# Kaggle: Titanic Survival

### The Steps to Kaggle submissions
1. Find a problem
2. download the data:
3. Familiarize yourself with the data. 
4. Format your data
5. run a machine learning algorithm on your data
6. save your predictions in the correct format
7. submit your prediction to Kaggle.
8. repeat

## Step 1: Find a problem

go to this website: https://www.kaggle.com  
We're going to do the titanic problem: https://www.kaggle.com/c/titanic

## Step 2: Download the data  
1. train.csv
2. test.csv
3. gendermodel.csv (an example submission)
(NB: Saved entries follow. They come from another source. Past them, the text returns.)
Lemma mxtrace_mul_inj (Z1 Z2 : Mx) :
  (forall B, \tr (Z1 *m B) = \tr (Z2 *m B)) -> Z1 = Z2.
Proof.
by move=> h; apply/matrixP => i j; have := h (delta_mx j i); rewrite !mxtrace_mul_delta.
Qed.

End Matrices.

Section Kraus.
Variables (R : realType) (m : nat) (J : finType) (K : J -> 'M[R[i]]_m).
Local Notation Mx := 'M[R[i]]_m.

Lemma kraus_is_linear : linear (kraus K).
Proof.
move=> a X Y; rewrite /kraus scaler_sumr -big_split; apply: eq_bigr => j _.
by rewrite mulmxDr mulmxDl -scalemxAr -scalemxAl.
Qed.

HB.instance Definition _ :=
  GRing.isLinear.Build R[i] Mx Mx *:%R (kraus K) kraus_is_linear.

Lemma krausZ (a : R[i]) (X : Mx) : kraus K (a *: X) = a *: kraus K X.
Proof. exact: linearZ. Qed.

Lemma kraus_sum (T : Type) (r : seq T) (P : pred T) (F : T -> Mx) :
  kraus K (\sum_(j <- r | P j) F j) = \sum_(j <- r | P j) kraus K (F j).
Proof. exact: linear_sum. Qed.

Lemma psdmx_kraus (X : Mx) : psdmx X -> psdmx (kraus K X).
Proof. by move=> hX; apply: psdmx_sum => j _; apply: psdmx_conj. Qed.

Lemma kraus_hermsymmx (X : Mx) : X \is hermsymmx -> kraus K X \is hermsymmx.
Proof.
move/hermsymmxP => hX; apply/hermsymmxP; rewrite /kraus adjmx_sum.
by apply: eq_bigr => j _; rewrite !adjmxM trmxCK hX mulmxA.
Qed.

Lemma iter_kraus_hermsymmx t (X : Mx) :
  X \is hermsymmx -> iter t (kraus K) X \is hermsymmx.
Proof. by move=> hX; elim: t => //= t; exact: kraus_hermsymmx. Qed.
## Step 3: Familiarize yourself with the data

In [4]:
import pandas as pd
datafile = '~/databases/titanic/train.csv'
titanic = pd.read_csv(datafile)
titanic[:10]


Unnamed: 0,PassengerId,Survived,Pclass,Name,Sex,Age,SibSp,Parch,Ticket,Fare,Cabin,Embarked
0,1,0,3,"Braund, Mr. Owen Harris",male,22.0,1,0,A/5 21171,7.25,,S
1,2,1,1,"Cumings, Mrs. John Bradley (Florence Briggs Th...",female,38.0,1,0,PC 17599,71.2833,C85,C
2,3,1,3,"Heikkinen, Miss. Laina",female,26.0,0,0,STON/O2. 3101282,7.925,,S
3,4,1,1,"Futrelle, Mrs. Jacques Heath (Lily May Peel)",female,35.0,1,0,113803,53.1,C123,S
4,5,0,3,"Allen, Mr. William Henry",male,35.0,0,0,373450,8.05,,S
5,6,0,3,"Moran, Mr. James",male,,0,0,330877,8.4583,,Q
6,7,0,1,"McCarthy, Mr. Timothy J",male,54.0,0,0,17463,51.8625,E46,S
7,8,0,3,"Palsson, Master. Gosta Leonard",male,2.0,3,1,349909,21.075,,S
8,9,1,3,"Johnson, Mrs. Oscar W (Elisabeth Vilhelmina Berg)",female,27.0,0,2,347742,11.1333,,S
9,10,1,2,"Nasser, Mrs. Nicholas (Adele Achem)",female,14.0,1,0,237736,30.0708,,C


Usually, I like to save a shortened csv file, so that I can have a quick reference. This isn't necessary for this particular dataset, since it's so small, but, we'll do it anyway. Being able to visualize the data is very important.

In [5]:
titanic[:100].to_csv('mini_titanic_train',index=False)

## Step 4: Format your data

Make sure to do all of your formatting in a structured way, prefferably in a function that takes in a dataset(or datafile) as an argument and returns the formatted data.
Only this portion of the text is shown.